HTTP(HyperText Transfer Protocol)
HTML(Hyper Text Markup Language)
<!DOCTYPE html>
<html>
<head>
<meta charset="utf-8">
<title>Test</title>
</head>
<body>
<p>Test</p>
</body>
</html>
태그(Tag)
<h3 class="tit_view">예제입니다.</h3>
requests 모듈
import requests
get 요청하기
import requests
url = 'https://www.naver.com/'
resp = requests.get(url)
resp.text
post 요청하기
import requests
url = 'https://www.kangcom.com/member/member_check.asp'
data = {
'id': 'testid',
'pwd': 'testpw'
}
resp = requests.post(url, data=data)
resp.text
HTTP header 데이터 이용하기
url = 'https://news.v.daum.net/v/20190728165812603'
headers = {
'user-agent': 'Mozilla/5.0 (Macintosh; Intel Mac OS X 10_14_6) AppleWebKit/537.36 (KHTML, like Gecko) Chrome/75.0.3770.142 Safari/537.36'
}
resp = requests.get(url, headers=headers)
resp.text
HTTP response 처리하기
url = 'https://news.v.daum.net/v/20190728165812603'
resp = requests.get(url)
if resp.status_code == 200:
resp.headers
else:
print('error')
공공데이터 포털 OPEN API 사용하기
Endpoint 확인하기
endpoint = 'http://api.visitkorea.or.kr/openapi/service/rest/EngService/areaCode?serviceKey={}&numOfRows=10&pageSize=10&pageNo=1&MobileOS=ETC&MobileApp=AppTest&_type=json'.format(serviceKey)
key 값 확인하기
Parameter 확인하기
import requests
endpoint = 'http://api.visitkorea.or.kr/openapi/service/rest/EngService/areaCode?serviceKey={}&numOfRows=10&pageSize=10&pageNo={}&MobileOS=ETC&MobileApp=AppTest&_type=json'.format(serviceKey, 1)

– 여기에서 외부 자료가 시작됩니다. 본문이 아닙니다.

(* Induction on the number m of registers not yet fixed: each split produces
   one target and k * (k + 1) classes with one more register fixed. *)
Lemma count_agreeing m (Q : {set 'I_k}) (X : seq (valuation k)) :
  k - #|Q| <= m -> uniq X -> (forall u, u \in X -> P u) ->
  (forall u u', u \in X -> u' \in X -> forall r, r \in Q -> u r = u' r) ->
  size X <= (k * k + k + 1) ^ m.
Proof.
elim: m Q X => [|m IH] Q X free uniqX XP agree;
  have [tv sizeX] := split_classes uniqX XP agree; apply: leq_trans sizeX _.
  have fullQ : Q = [set: 'I_k].
    by apply/eqP; rewrite eqEcard subsetT cardsT card_ord; lia.
  by rewrite big1 // => p _; rewrite fixing_class_inQ // fullQ inE.
have class_le p : count (fixing_class Q tv p) X <= (k * k + k + 1) ^ m.
  case: (boolP (p.1 \in Q)) => Qp; first by rewrite fixing_class_inQ.
  rewrite -size_filter; apply: IH (p.1 |: Q) _ _ (filter_uniq _ uniqX) _ _.
  - by rewrite cardsU1 Qp add1n subnS; lia.
  - by move=> u; rewrite mem_filter => /andP [_ /XP].
  move=> u u'; rewrite !mem_filter => /andP [Cu Xu] /andP [Cu' Xu'] r.
  rewrite in_setU1 => /orP [/eqP ->|Qr]; last exact: agree.
  by move: Cu Cu'; rewrite /fixing_class => /andP [_ /eqP ->] /andP [_ /eqP ->].
have : \sum_(p : 'I_k * option 'I_k) count (fixing_class Q tv p) X <=
         \sum_(p : 'I_k * option 'I_k) (k * k + k + 1) ^ m.
  by apply: leq_sum => p _; exact: class_le.
rewrite sum_nat_const card_prod card_option card_ord expnS.
have : 0 < (k * k + k + 1) ^ m by rewrite expn_gt0 addn1.
set F := _ ^ m; nia.
Qed.
(* For any nonzero positively oriented m-triangle $\delta$, the polar distance $r$ of its shape from the north pole (the spherical distance in the shape sphere $M^\ast\simeq S^2(1/2)$) satisfies $$\cos(2r)=4\sqrt{m_1m_2m_3}\,\frac{\Delta}{I},$$ where $\Delta$ and $I$ are the area and moment of inertia of $\delta$.
   Context: Masses $m_1,m_2,m_3>0$, $m_1+m_2+m_3=1$; m-triangle $(\mathbf a_1,\mathbf a_2,\mathbf a_3)$, $\sum m_i\mathbf a_i=0$, $I=\sum m_i|\mathbf a_i|^2$. The shape sphere $M^\ast$ is the space of oriented m-triangles with $I=1$ modulo rotation, with the kinematic metric (induced by $\sum m_i|d\mathbf a_i|^2$ through zero angular momentum lifts), isometric to a round sphere of radius $1/2$; its north pole is the shape of the positively oriented m-triangle with $m_j|\mathbf a_j|^2=(1-m_j)/2$, and the equator (at distance $\pi/4$ from it) consists of collinear shapes. *)

From mathcomp Require Import all_boot all_order all_algebra.
From mathcomp Require Import all_classical all_reals all_analysis.
Set Implicit Arguments. Unset Strict Implicit. Unset Printing Implicit Defensive.
Import Order.TTheory GRing.Theory Num.Theory.
Local Open Scope classical_set_scope.
Local Open Scope ring_scope.

Section ThreeBody.
Variable R : realType.

Definition i0 : 'I_3 := @Ordinal 3 0 isT.
Definition i1 : 'I_3 := @Ordinal 3 1 isT.
Definition i2 : 'I_3 := @Ordinal 3 2 isT.

Definition config := 'I_3 -> R * R.

Definition masses (m : 'I_3 -> R) := (forall i, 0 < m i) /\ \sum_i m i = 1.

Definition mtriangle (m : 'I_3 -> R) (a : config) :=
  \sum_i m i * (a i).1 = 0 /\ \sum_i m i * (a i).2 = 0.

Definition inertia (m : 'I_3 -> R) (a : config) : R :=
  \sum_i m i * ((a i).1 ^+ 2 + (a i).2 ^+ 2).

Definition kin (m : 'I_3 -> R) (a b : config) : R :=
  \sum_i m i * ((a i).1 * (b i).1 + (a i).2 * (b i).2).

(* signed area (positive iff a_1 a_2 a_3 is counterclockwise) *)
Definition area (a : config) : R :=
  (((a i1).1 - (a i0).1) * ((a i2).2 - (a i0).2)
   - ((a i2).1 - (a i0).1) * ((a i1).2 - (a i0).2)) / 2.

Definition rotp (t : R) (p : R * R) : R * R :=
  (cos t * p.1 - sin t * p.2, sin t * p.1 + cos t * p.2).

Definition rotc (t : R) (a : config) : config := fun i => rotp t (a i).

Definition scalec (c : R) (a : config) : config :=
  fun i => (c * (a i).1, c * (a i).2).

Definition normalize (m : 'I_3 -> R) (a : config) : config :=
  scalec (Num.sqrt (inertia m a))^-1 a.
(* Let $m,n,u,v\in\mathbb{R}$ with $m+v\neq0$ and $mu+nv=0$, and let $(G_5,g,J)$ be the three-dimensional Lorentzian Lie group described in the context. Then every left-invariant vector field $\xi=\lambda_1\overline{e}_1+\lambda_2\overline{e}_2+\lambda_3\overline{e}_3$ ($\lambda_1,\lambda_2,\lambda_3\in\mathbb{R}$ arbitrary constants) is a left-invariant Ricci collineation of $(G_5,g,J)$ associated to the Yano connection $\nabla^{*}$.
   Context: $G_5$ is a connected three-dimensional Lie group whose Lie algebra has a basis $\{\overline{e}_1,\overline{e}_2,\overline{e}_3\}$ (left-invariant vector fields) with $[\overline{e}_1,\overline{e}_2]=0$, $[\overline{e}_1,\overline{e}_3]=m\overline{e}_1+n\overline{e}_2$, $[\overline{e}_2,\overline{e}_3]=u\overline{e}_1+v\overline{e}_2$, where $m+v\neq0$ and $mu+nv=0$. The metric $g$ is the left-invariant Lorentzian metric with $g(\overline{e}_1,\overline{e}_1)=g(\overline{e}_2,\overline{e}_2)=1$, $g(\overline{e}_3,\overline{e}_3)=-1$, $g(\overline{e}_i,\overline{e}_j)=0$ for $i\neq j$. $J$ is the left-invariant product structure with $J\overline{e}_1=\overline{e}_1$, $J\overline{e}_2=\overline{e}_2$, $J\overline{e}_3=-\overline{e}_3$. With $\nabla^{LC}$ the Levi-Civita connection of $g$, the Yano connection is $\nabla^{*}_XY=\nabla^{LC}_XY-\frac12(\nabla^{LC}_YJ)JX-\frac14[(\nabla^{LC}_XJ)JY-(\nabla^{LC}_{JX}J)Y]$; its curvature is $R^{*}(X,Y)Z=\nabla^{*}_X\nabla^{*}_YZ-\nabla^{*}_Y\nabla^{*}_XZ-\nabla^{*}_{[X,Y]}Z$; its Ricci tensor is $\mathrm{Ric}^{*}(X,Y)=-g(R^{*}(X,\overline{e}_1)Y,\overline{e}_1)-g(R^{*}(X,\overline{e}_2)Y,\overline{e}_2)+g(R^{*}(X,\overline{e}_3)Y,\overline{e}_3)$; and $\overline{\mathrm{Ric}^{*}}(X,Y)=\frac12(\mathrm{Ric}^{*}(X,Y)+\mathrm{Ric}^{*}(Y,X))$. For a left-invariant vector field $\xi$, $(\mathrm{L}_{\xi}\overline{\mathrm{Ric}^{*}})(X,Y)=\xi(\overline{\mathrm{Ric}^{*}}(X,Y))-\overline{\mathrm{Ric}^{*}}([\xi,X],Y)-\overline{\mathrm{Ric}^{*}}(X,[\xi,Y])$; $\xi$ is a left-invariant Ricci collineation if $\mathrm{L}_{\xi}\overline{\mathrm{Ric}^{*}}=0$. *)

(* concrete reals R.
   Left-invariant vector fields on G_5 are identified with their coordinates
   (x1,x2,x3) in the basis {e1,e2,e3} of the Lie algebra. *)
From Stdlib Require Import Reals.
Open Scope R_scope.

Record vec : Type := Vec { c1 : R; c2 : R; c3 : R }.

Definition vadd (X Y : vec) : vec := Vec (c1 X + c1 Y) (c2 X + c2 Y) (c3 X + c3 Y).
Definition vscale (a : R) (X : vec) : vec := Vec (a * c1 X) (a * c2 X) (a * c3 X).
Definition vopp (X : vec) : vec := vscale (-1) X.
Definition vsub (X Y : vec) : vec := vadd X (vopp Y).

Definition e1 : vec := Vec 1 0 0.
Definition e2 : vec := Vec 0 1 0.
Definition e3 : vec := Vec 0 0 1.

(* Lie bracket of G_5, extended bilinearly from
   [e1,e2]=0, [e1,e3]=m e1+n e2, [e2,e3]=u e1+v e2. *)
Definition brk (m n u v : R) (X Y : vec) : vec :=
  let a := c1 X * c3 Y - c3 X * c1 Y in
  let b := c2 X * c3 Y - c3 X * c2 Y in
  Vec (a * m + b * u) (a * n + b * v) 0.

Definition g (X Y : vec) : R := c1 X * c1 Y + c2 X * c2 Y - c3 X * c3 Y.

Definition J (X : vec) : vec := Vec (c1 X) (c2 X) (- c3 X).

(* Levi-Civita connection on left-invariant fields, via the Koszul formula
   2 g(nabla_X Y, Z) = g([X,Y],Z) - g([Y,Z],X) + g([Z,X],Y)
   (the derivative terms vanish for left-invariant fields), solved in the
   orthonormal basis with g(e_k,e_k) = 1,1,-1. *)
Definition koszul (m n u v : R) (X Y Z : vec) : R :=
  / 2 * (g (brk m n u v X Y) Z - g (brk m n u v Y Z) X + g (brk m n u v Z X) Y).

Definition LC (m n u v : R) (X Y : vec) : vec :=
  Vec (koszul m n u v X Y e1) (koszul m n u v X Y e2) (- koszul m n u v X Y e3).

Definition nablaJ (m n u v : R) (X Y : vec) : vec :=
  vsub (LC m n u v X (J Y)) (J (LC m n u v X Y)).

Definition Yano (m n u v : R) (X Y : vec) : vec :=
  vsub (vsub (LC m n u v X Y) (vscale (/ 2) (nablaJ m n u v Y (J X))))
       (vscale (/ 4) (vsub (nablaJ m n u v X (J Y)) (nablaJ m n u v (J X) Y))).

Definition Rstar (m n u v : R) (X Y Z : vec) : vec :=
  vsub (vsub (Yano m n u v X (Yano m n u v Y Z)) (Yano m n u v Y (Yano m n u v X Z)))
       (Yano m n u v (brk m n u v X Y) Z).

Definition Ricstar (m n u v : R) (X Y : vec) : R :=
  - g (Rstar m n u v X e1 Y) e1 - g (Rstar m n u v X e2 Y) e2
  + g (Rstar m n u v X e3 Y) e3.

Definition Ricsym (m n u v : R) (X Y : vec) : R :=
  / 2 * (Ricstar m n u v X Y + Ricstar m n u v Y X).

(* Lie derivative of Ricsym along a left-invariant xi, evaluated on
   left-invariant X, Y.  The term xi(Ricsym(X,Y)) is 0 because Ricsym(X,Y) is
   a constant function for left-invariant X, Y. *)
Definition LieRicsym (m n u v : R) (xi X Y : vec) : R :=
  0 - Ricsym m n u v (brk m n u v xi X) Y - Ricsym m n u v X (brk m n u v xi Y).

Definition is_Ricci_collineation (m n u v : R) (xi : vec) : Prop :=
  forall X Y : vec, LieRicsym m n u v xi X Y = 0.

(* In the frame (e1,e2,e3) the Yano connection is nabla*_X Y = x3 [e3,Y].
   Since ad e3 is linear and every bracket lies in span(e1,e2), the
   curvature reduces to x3 y3 ((ad e3)^2 - (ad e3)^2) Z = 0: the Yano
   connection is flat for all m, n, u, v.  Hence its Ricci tensor vanishes
   identically and every left-invariant field is a Ricci collineation. *)
From Pilot Require Import Defs.
From Stdlib Require Import Reals.
Open Scope R_scope.

Definition vzero : vec := Vec 0 0 0.

Lemma Yano_ad_e3 (m n u v : R) (X Y : vec) :
  Yano m n u v X Y = vscale (c3 X) (brk m n u v e3 Y).
Proof.
  destruct X as [x1 x2 x3], Y as [y1 y2 y3].
  cbv beta iota zeta delta [Yano nablaJ LC koszul brk g J vsub vadd vopp vscale
    e1 e2 e3 Defs.c1 Defs.c2 Defs.c3].
  f_equal; field.
Qed.

Lemma c3_brk (m n u v : R) (X Y : vec) : c3 (brk m n u v X Y) = 0.
Proof. reflexivity. Qed.

Lemma brk_scale_r (m n u v a : R) (X Y : vec) :
  brk m n u v X (vscale a Y) = vscale a (brk m n u v X Y).
Proof.
  destruct X as [x1 x2 x3], Y as [y1 y2 y3].
  cbv beta iota zeta delta [brk vscale Defs.c1 Defs.c2 Defs.c3]; f_equal; ring.
Qed.

Lemma Rstar_eq0 (m n u v : R) (X Y Z : vec) : Rstar m n u v X Y Z = vzero.
Proof.
  unfold Rstar; rewrite !Yano_ad_e3, c3_brk, !brk_scale_r.
  set (W := brk m n u v e3 (brk m n u v e3 Z)).
  destruct W as [w1 w2 w3].
  cbv beta iota zeta delta [vsub vadd vopp vscale vzero Defs.c1 Defs.c2 Defs.c3].
  f_equal; ring.
Qed.

Lemma g_vzero_l (Y : vec) : g vzero Y = 0.
Proof. cbv beta iota zeta delta [g vzero Defs.c1 Defs.c2 Defs.c3]; ring. Qed.

Lemma Ricsym_eq0 (m n u v : R) (X Y : vec) : Ricsym m n u v X Y = 0.
Proof.
  unfold Ricsym, Ricstar; rewrite !Rstar_eq0, !g_vzero_l; ring.
Qed.

Lemma Ricci_collineation_all (m n u v : R) (xi : vec) :
  is_Ricci_collineation m n u v xi.
Proof.
  intros X Y; unfold LieRicsym; rewrite !Ricsym_eq0; ring.
Qed.

Theorem theorem4p3 (m n u v : R) (Hmv : m + v <> 0) (Hmu : m * u + n * v = 0)
  (l1 l2 l3 : R) :
  is_Ricci_collineation m n u v
    (vadd (vadd (vscale l1 e1) (vscale l2 e2)) (vscale l3 e3)).
Proof. apply Ricci_collineation_all. Qed.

resp = requests.get(endpoint)
print(resp.status_code) # 200
data = resp.json() # type: dict
print(data['response']['body']['items']['item'][0])
요청 및 Response 확인
beautifulsoup 모듈 사용하기
from bs4 import BeautifulSoup
html 문자열 파싱
html = '''
<html>
<head>
<title>BeautifulSoup test</title>
</head>
<body>
<div id='upper' class='test' custom='good'>
<h3 title='Good Content Title'>Contents Title</h3>
<p>Test contents</p>
</div>
<div id='lower' class='test' custom='nice'>
<p>Test Test Test 1</p>
<p>Test Test Test 2</p>
<p>Test Test Test 3</p>
</div>
</body>
</html>'''
find 함수
soup = BeautifulSoup(html)
soup.find('h3')
# <h3 title="Good Content Title">Contents Title</h3>
soup.find('p')
# <p>Test contents</p>
soup.find('div', class_='test')
"""
<div class="test" custom="good" id="upper">
<h3 title="Good Content Title">Contents Title</h3>
<p>Test contents</p>
</div>
"""
attrs = {'id': 'upper', 'class': 'test'}
soup.find('div', attrs=attrs)
"""
<div class="test" custom="good" id="upper">
<h3 title="Good Content Title">Contents Title</h3>
<p>Test contents</p>
</div>
"""
find_all 함수
soup.find_all('div', class_='test')
"""
[<div class="test" custom="good" id="upper">
<h3 title="Good Content Title">Contents Title</h3>
<p>Test contents</p>
</div>,
<div class="test" custom="nice" id="lower">
<p>Test Test Test 1</p>
<p>Test Test Test 2</p>
<p>Test Test Test 3</p>
</div>]
"""
get_text 함수
tag1 = soup.find('h3')
print(tag)
# <h3 title="Good Content Title">Contents Title</h3>
tag.get_text()
# 'Contents Title'
tag2 = soup.find('p')
print(tag2)
# <p>Test contents</p>
tag2.get_text()
# 'Test contents'
tag3 = soup.find('div', id='upper')
print(tag3)
"""
<div class="test" custom="good" id="upper">
<h3 title="Good Content Title">Contents Title</h3>
<p>Test contents</p>
</div>
"""
tag3.get_text().strip()
# 'Contents Title\nTest contents'
attribute 값 추출하기
tag = soup.find('h3')
print(tag)
# <h3 title="Good Content Title">Contents Title</h3>
tag['title']
# 'Good Content Title'
다음 뉴스 데이터 추출
import requests
from bs4 import BeautifulSoup
url = 'https://news.v.daum.net/v/20190728165812603'
resp = requests.get(url)
soup = BeautifulSoup(resp.text)
title = soup.find('h3', class_='tit_view)
title.get.test()
# '일론머스크 "테슬라에서 넷플릭스·유튜브 즐길 날 온다"'
soup.find_all('span', class_='txt_info')
"""
[<span class="txt_info">이민우</span>,
<span class="txt_info">입력 <span class="num_date">2019. 07. 28. 16:58</span></span>]
"""
info = soup.find('span', class_='info_view')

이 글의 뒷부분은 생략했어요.